Lou Yi-an (樓一安 (Lóu Yīān)) is a Taiwanese writer and director devoted to both the cinema and television industry. He is known for his dark humor, character-driven intricate story lines. He often portrays the working class and the migrants in a context of social and racial discrimination.

He got noticed in 2006 when he won the Best Director in a Miniseries award from the 41st Golden Bell Awards in 2006. Later in 2007 he won, together with Singing Chen the Best Original Screenplay award at the 44th Golden Horse Awards. Several of Lou's films also include Chen's work, such as the short Waterfront Villa Bonita (2007), Bundled (2000), God Man Dog (2007) and Lou's first long-feature as a director A Place of One's Own (2009) that focused on poor people living in New Taipei City.

In 2010, he wrote A Gloomy Salad Day, a TV series that examined adolescence.
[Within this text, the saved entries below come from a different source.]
Lemma Cmod_cprod_pow_sub r (F F' : 'I_r -> C) (M : 'I_r -> nat) n e :
  (forall i, Cmod (F i) = 1) -> (forall i, Cmod (F' i) = 1) ->
  (forall i, (M i <= n)%nat) -> (forall i, Cmod (F i - F' i) <= e) ->
  Cmod (\cprod_(i < r) (F i ^ M i) - \cprod_(i < r) (F' i ^ M i))%C <= INR r * INR n * e.
Proof.
elim: r F F' M => [|r IH] F F' M HF HF' HM He.
  by rewrite !big_ord0 /= (_ : 1 - 1 = 0)%C ?Cmod_0; [lra | ring].
have He0 : 0 <= e by apply: Rle_trans (He ord0); apply: Cmod_ge_0.
rewrite !big_ord_recr.
apply: Rle_trans (Cmod_mul_sub _ _ _ _) _.
- by rewrite Cmod_pow HF pow1.
- by apply: Cmod_cprod => i; rewrite Cmod_pow HF' pow1.
have IHr := IH (fun i => F (widen_ord (leqnSn r) i)) (fun i => F' (widen_ord (leqnSn r) i))
  (fun i => M (widen_ord (leqnSn r) i)) (fun i => HF _) (fun i => HF' _) (fun i => HM _) (fun i => He _).
have Hlast := Cmod_pow_sub (M ord_max) (HF ord_max) (HF' ord_max).
have HMn : INR (M ord_max) * Cmod (F ord_max - F' ord_max) <= INR n * e.
  by apply: Rmult_le_compat; [apply: pos_INR | apply: Cmod_ge_0 | apply/le_INR/leP | ].
apply: Rle_trans (Rplus_le_compat _ _ _ _ IHr (Rle_trans _ _ _ Hlast HMn)) _.
rewrite S_INR; lra.
Qed.

Lemma character_cprod_pow (G : zmodType) r (chi : 'I_r -> G -> C) (M : 'I_r -> nat) :
  (forall i, is_character (chi i)) -> is_character (fun g => \cprod_(i < r) (chi i g ^ M i)%C).
Proof.
move=> Hchi; split=> [g | g h].
  by apply: Cmod_cprod => i; rewrite Cmod_pow (Hchi i).1 pow1.
by rewrite -big_split; apply: eq_bigr => i _; rewrite (Hchi i).2 Cpow_mult_l.
Qed.

Section ZpVectors.
Variables (n r : nat).
Hypothesis n_gt1 : (1 < n)%nat.

Definition zeta_Zp (x : 'Z_n) : C := zeta n x.

Let modZp k : (k %% (Zp_trunc n).+2 = k %% n)%nat.
Proof. by rewrite Zp_cast. Qed.

Lemma zeta_ZpD x y : zeta_Zp (x + y)%G = (zeta_Zp x * zeta_Zp y)%C.
Proof. by rewrite /zeta_Zp /= modZp zeta_modn ?zetaD // ltnW. Qed.

Lemma zeta_Zp_inZp j : zeta_Zp (inZp j) = zeta n j.
Proof. by rewrite /zeta_Zp /= modZp zeta_modn // ltnW. Qed.

Lemma Zvec_mulrn (y : {ffun 'I_r -> 'Z_n}) : (y *+ n)%G = 0%G.
Proof. by apply/ffunP => i; rewrite ffunMnE ffunE -mulr_natr pchar_Zp // mulr0. Qed.

Definition unit_vec (i : 'I_r) : {ffun 'I_r -> 'Z_n} := [ffun j => if j == i then 1%G else 0%G].

Lemma Zvec_decomp (y : {ffun 'I_r -> 'Z_n}) : y = (\sum_(i < r) unit_vec i *+ y i)%G.
Proof.
apply/ffunP => j; rewrite sum_ffunE (bigD1 j) //= big1 ?addr0 => [|i /negbTE ij].
  by rewrite ffunMnE ffunE eqxx natr_Zp.
by rewrite ffunMnE ffunE eq_sym ij mul0rn.
Qed.

Lemma Zvec_char_exponents (th : {ffun 'I_r -> 'Z_n} -> C) : is_character th ->
  exists2 M : 'I_r -> nat, (forall i, M i < n)%nat &
    forall y, th y = \cprod_(i < r) (zeta_Zp (y i) ^ M i)%C.
Proof.
move=> Hth.
have [M HM] : exists M : 'I_r -> nat, forall i, (M i < n)%nat /\ th (unit_vec i) = zeta n (M i).
  apply: (ClassicalEpsilon.choice (fun i j => (j < n)%nat /\ th (unit_vec i) = zeta n j)) => i.
  have Hroot : (th (unit_vec i) ^ n)%C = 1%C by rewrite -characterMn // Zvec_mulrn character0.
  by have [j lt_jn ->] := root_of_unity_zeta (ltnW n_gt1) (Hth.1 _) Hroot; exists j.
exists M => [i|y]; first exact: (HM i).1.
rewrite {1}(Zvec_decomp y) (big_morph th (id1 := RtoC 1) (op1 := Cmult)).
- by apply: eq_bigr => i _; rewrite characterMn // (HM i).2 /zeta_Zp !zetaX mulnC.
- exact: Hth.2.
- exact: character0.
Qed.

End ZpVectors.

Section TorsionImage.
Variables (G : zmodType) (n r : nat) (chi : nat -> G -> C).
Hypotheses (n_gt1 : (1 < n)%nat) (Hchi : forall i : 'I_r, is_character (chi i)).

(* With the n-th roots of unity identified with 'Z_n: the image of the
   n-torsion of G under k |-> (chi_i k)_i. *)
Definition torsion_image (y : {ffun 'I_r -> 'Z_n}) :=
  exists2 k : G, (k *+ n)%G = 0%G & forall i : 'I_r, chi i k = zeta_Zp (y i).

Lemma torsion_image_subgroup : is_subgroup torsion_image.
Proof.
split=> [|x y [k1 K1 E1] [k2 K2 E2]].
  by exists 0%G => [|i]; rewrite ?mul0rn // character0 // ffunE /zeta_Zp zeta0.
exists (k1 - k2)%G => [|i]; first by rewrite mulrnBl K1 K2 subrr.
apply: (@Cmult_unit_inj_r _ _ (chi i k2)); first exact: (Hchi i).1.
by rewrite characterB // E1 E2 -zeta_ZpD // !ffunE subrK.
Qed.

Lemma torsion_image_of k : (k *+ n)%G = 0%G ->
  exists y : {ffun 'I_r -> 'Z_n}, forall i : 'I_r, chi i k = zeta_Zp (y i).
Proof.
move=> Hk.
have [J HJ] : exists J : 'I_r -> nat, forall i : 'I_r, chi i k = zeta n (J i).
  apply: (ClassicalEpsilon.choice (fun (i : 'I_r) j => chi i k = zeta n j)) => i.
  have Hroot : (chi i k ^ n)%C = 1%C by rewrite -characterMn // Hk character0.
  by have [j _ ->] := root_of_unity_zeta (ltnW n_gt1) ((Hchi i).1 k) Hroot; exists j.
by exists [ffun i => inZp (J i)] => i; rewrite ffunE zeta_Zp_inZp.
Qed.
In 2013, Lou was commissioned by the Hakka Television Service to make The Losers. Lou drew inspiration for the project from the Hakka band Labor Exchange, specifically the album Night March of the Chrysanthemums. The film touched on Taiwanese culture, social and racial issues caused by class and age gaps. It portrayed rural life in Meinong, Kaohsiung. Due to The Losers heavy subject matter, Lou was advised not to theatrically release it. As a result, the film was shown for one week only at the Spot Huashan Cinema in Taipei. In April 2016, Lou traveled to London to attend a screening of The Losers at SOAS, University of London.

In 2015, he directed and co-wrote White Lies, Black Lies. Different from his previous works, it focused on the psychological aftermath of murders committed in 1960s Wanhua District of Taipei. It is Lou Yi-an's first successfully commercial big screen movie.

In 2018, he then returned to television with the TV series Roseki, which is also well appraised by the public and confirmed his renown in Taiwan. Roseki is a 14-episode drama that relates the life of the famous Taipei writer and singer Lu Ho-juo during the Japanese colonization, alternating between the singer's stage life and personal life. The show was premiered on Hakka TV.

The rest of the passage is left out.